Exercise brief
Look through the records, and whenever a line includes the word "rewrite", copy it.

[Opening Listed entries section]

Definition mcompact {X : Type} (d : X -> X -> R) : Prop :=
  forall C : (X -> Prop) -> Prop,
    (forall U, C U -> mopen d U) ->
    (forall x, exists U, C U /\ U x) ->
    exists l : list (X -> Prop),
      (forall U, In U l -> C U) /\ (forall x, exists U, In U l /\ U x).

Definition mcontinuous {X : Type} (d : X -> X -> R) (g : X -> X) : Prop :=
  forall x eps, 0 < eps -> exists delta, 0 < delta /\
    forall y, d x y < delta -> d (g x) (g y) < eps.

(* A sequence is 0-indexed: f k stands for the paper's f_{k+1}. *)
Definition unif_conv {X : Type} (d : X -> X -> R) (f : nat -> X -> X)
  (g : X -> X) : Prop :=
  forall eps, 0 < eps -> exists M, forall n x, (M <= n)%nat -> d (f n x) (g x) < eps.

(* comp f i n = f_{i+n-1} o ... o f_i in 0-based indexing (comp f i 0 = id) *)
Fixpoint comp {X : Type} (f : nat -> X -> X) (i n : nat) (x : X) : X :=
  match n with
  | O => x
  | S m => f (i + m)%nat (comp f i m x)
  end.

(* N-th iterate: n-th map (0-based) is f_{Nn+1}^N *)
Definition iterN {X : Type} (f : nat -> X -> X) (N : nat) : nat -> X -> X :=
  fun n => comp f (N * n) N.

Fixpoint cnt {X : Type} (d : X -> X -> R) (g : nat -> X -> X) (x y : X) (t : R)
  (n : nat) : nat :=
  match n with
  | O => O
  | S m => (cnt d g x y t m +
            (if Rlt_dec (d (comp g 0 m x) (comp g 0 m y)) t then 1 else 0))%nat
  end.

Definition freq {X : Type} (d : X -> X -> R) (g : nat -> X -> X) (x y : X) (t : R)
  : nat -> R :=
  fun n => INR (cnt d g x y t (S n)) / INR (S n).

Definition Phi {X : Type} d (g : nat -> X -> X) x y t : Rbar :=
  LimInf_seq (freq d g x y t).
Definition Phi_star {X : Type} d (g : nat -> X -> X) x y t : Rbar :=
  LimSup_seq (freq d g x y t).

Definition uncountable {X : Type} (S : X -> Prop) : Prop :=
  ~ exists h : X -> nat, forall x y, S x -> S y -> h x = h y -> x = y.

Definition DC2' {X : Type} (d : X -> X -> R) (g : nat -> X -> X) : Prop :=
  exists S : X -> Prop, uncountable S /\
    forall x y, S x -> S y -> x <> y ->
      (exists eps, 0 < eps /\ Phi d g x y eps = Finite 0) /\
      (forall t, 0 < t -> Rbar_lt (Finite 0) (Phi_star d g x y t)).

From Stdlib Require Import Reals Lra Lia List.
From Coquelicot Require Import Coquelicot.
Open Scope R_scope.

(* For a compact space the maps [f n], continuous and uniformly convergent, are
   uniformly equicontinuous, hence so are the compositions of at most [N] of them:
   for every [eps] there is [delta] such that two orbits [delta]-close at time [i]
   remain [eps]-close at the times [i, ..., i + N].  Counting the close times of
   [f] up to [N * M] and those of its [N]-th iterate up to [M] therefore compare
   block by block, once the thresholds are shrunk from [eps] to [delta].  These
   comparisons preserve both "lower density 0" and "positive upper density", i.e.
   the two conditions DC2' imposes on a pair, so the same uncountable set works
   for both systems. *)

Lemma comp_add {X : Type} (f : nat -> X -> X) i a b x :
  comp f i (a + b) x = comp f (i + a) b (comp f i a x).
Proof.
  induction b as [|b IH]; simpl.
  - rewrite Nat.add_0_r; reflexivity.
  - rewrite Nat.add_succ_r; simpl; rewrite IH; f_equal; lia.
Qed.

Lemma comp_iterN {X : Type} (f : nat -> X -> X) N m x :
  comp (iterN f N) 0 m x = comp f 0 (N * m) x.
Proof.
  induction m as [|m IH]; simpl.
  - rewrite Nat.mul_0_r; reflexivity.
  - rewrite IH. unfold iterN. replace (N * S m)%nat with (N * m + N)%nat by lia.
    rewrite comp_add. reflexivity.
Qed.

Lemma list_pos_lower_bound {A : Type} (Q : A -> R -> Prop) (l : list A) :
  (forall a, In a l -> exists r, 0 < r /\ Q a r) ->
  exists delta, 0 < delta /\ forall a, In a l -> exists r, delta <= r /\ Q a r.
Proof.
  induction l as [|a l IH]; intros Hl.
  - exists 1; split; [lra | intros a []].
  - destruct IH as [delta [Hdelta Hbound]]; [intros b Hb; apply Hl; right; exact Hb|].
    destruct (Hl a (or_introl eq_refl)) as [r [Hr HQ]].
    exists (Rmin r delta); split; [apply Rmin_glb_lt; lra|].
    intros b [<- | Hb].
    + exists r; split; [apply Rmin_l | exact HQ].
    + destruct (Hbound b Hb) as [r' [Hr' HQ']].
      exists r'; split; [pose proof (Rmin_r r delta); lra | exact HQ'].
Qed.

Section Equicontinuity.
Context {X : Type} (d : X -> X -> R).
Hypothesis Hd : is_metric d.

Let d_refl x : d x x = 0.
Proof. apply (proj1 (proj2 Hd)); reflexivity. Qed.
Let d_sym x y : d x y = d y x.
Proof. apply Hd. Qed.
Let d_tri x y z : d x z <= d x y + d y z.
Proof. apply Hd. Qed.

Definition uniformly_continuous (g : X -> X) : Prop :=
  forall eps, 0 < eps -> exists delta, 0 < delta /\
    forall u v, d u v < delta -> d (g u) (g v) < eps.

Definition equicontinuous_on {I : Type} (P : I -> Prop) (F : I -> X -> X) : Prop :=
  forall eps, 0 < eps -> exists delta, 0 < delta /\
    forall i u v, P i -> d u v < delta -> d (F i u) (F i v) < eps.

Lemma mopen_ball x r : mopen d (fun y => d x y < r).
Proof.
  intros y Hy. exists (r - d x y); split; [lra|].
  intros z Hz. pose proof (d_tri x y z); lra.
Qed.

(* Heine-Cantor: cover the space by balls [B(x, r)] on whose double [B(x, 2 r)]
   the map oscillates by less than [eps / 2]; the minimal radius of a finite
   subcover is a uniform modulus. *)
Lemma mcompact_uniformly_continuous (g : X -> X) :
  mcompact d -> mcontinuous d g -> uniformly_continuous g.
Proof.
  intros Hc Hg eps Heps.
  set (good x r := forall y, d x y < 2 * r -> d (g x) (g y) < eps / 2).
  set (ball_good x r U := good x r /\ U = (fun y => d x y < r)).
  destruct (Hc (fun U => exists x r, 0 < r /\ ball_good x r U)) as [l [Hl Hcover]].
  - intros U (x & r & _ & _ & ->). apply mopen_ball.
  - intros x. destruct (Hg x (eps / 2)) as [de [Hde Hcont]]; [lra|].
    exists (fun y => d x y < de / 2); split.
    + exists x, (de / 2); repeat split; [lra|]. intros y Hy; apply Hcont; lra.
    + rewrite d_refl; lra.
  - destruct (list_pos_lower_bound (fun U r => exists x, ball_good x r U) l)
      as [delta [Hdelta Hbound]].
    { intros U HU. destruct (Hl U HU) as (x & r & Hr & Hball).
      exists r; split; [exact Hr | exists x; exact Hball]. }
    exists delta; split; [exact Hdelta|]. intros u v Huv.
    destruct (Hcover u) as [U [HU Uu]].
    destruct (Hbound U HU) as (r & Hr & x & Hgood & ->).
    assert (Hu : d (g x) (g u) < eps / 2) by (apply Hgood; lra).
    assert (Hv : d (g x) (g v) < eps / 2)
      by (apply Hgood; pose proof (d_tri x u v); lra).
    pose proof (d_tri (g u) (g x) (g v)). rewrite d_sym in Hu. lra.
Qed.

Lemma equicontinuous_on_weaken {I : Type} (P Q : I -> Prop) (F : I -> X -> X) :
  (forall i, Q i -> P i) -> equicontinuous_on P F -> equicontinuous_on Q F.
Proof.
  intros HQP HP eps Heps. destruct (HP eps Heps) as [delta [Hdelta H]].
  exists delta; split; auto.
Qed.

Lemma equicontinuous_on_union {I : Type} (P Q : I -> Prop) (F : I -> X -> X) :
  equicontinuous_on P F -> equicontinuous_on Q F ->
  equicontinuous_on (fun i => P i \/ Q i) F.
Proof.
  intros HP HQ eps Heps.
  destruct (HP eps Heps) as [d1 [Hd1 H1]]. destruct (HQ eps Heps) as [d2 [Hd2 H2]].
  exists (Rmin d1 d2); split; [apply Rmin_glb_lt; lra|].
  pose proof (Rmin_l d1 d2); pose proof (Rmin_r d1 d2).
  intros i u v [Hi|Hi] Huv; [apply H1 | apply H2]; auto; lra.
Qed.

Lemma equicontinuous_on_lt (F : nat -> X -> X) :
  (forall n, uniformly_continuous (F n)) ->
  forall K, equicontinuous_on (fun n => (n < K)%nat) F.
Proof.
  intros HF K. induction K as [|K IH].
  - intros eps Heps. exists 1; split; [lra | intros; lia].
  - apply (equicontinuous_on_weaken (fun n => (n < K)%nat \/ n = K)); [intros; lia|].
    apply equicontinuous_on_union; [exact IH|].
    intros eps Heps. destruct (HF K eps Heps) as [delta [Hdelta H]].
    exists delta; split; [exact Hdelta|]. intros n u v ->; apply H.
Qed.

[Closing Listed entries section]

Response to this exercise
  - rewrite Nat.add_0_r; reflexivity.
  - rewrite Nat.add_succ_r; simpl; rewrite IH; f_equal; lia.
  - rewrite Nat.mul_0_r; reflexivity.
  - rewrite IH. unfold iterN. replace (N * S m)%nat with (N * m + N)%nat by lia.
    rewrite comp_add. reflexivity.
    + rewrite d_refl; lra.
    pose proof (d_tri (g u) (g x) (g v)). rewrite d_sym in Hu. lra.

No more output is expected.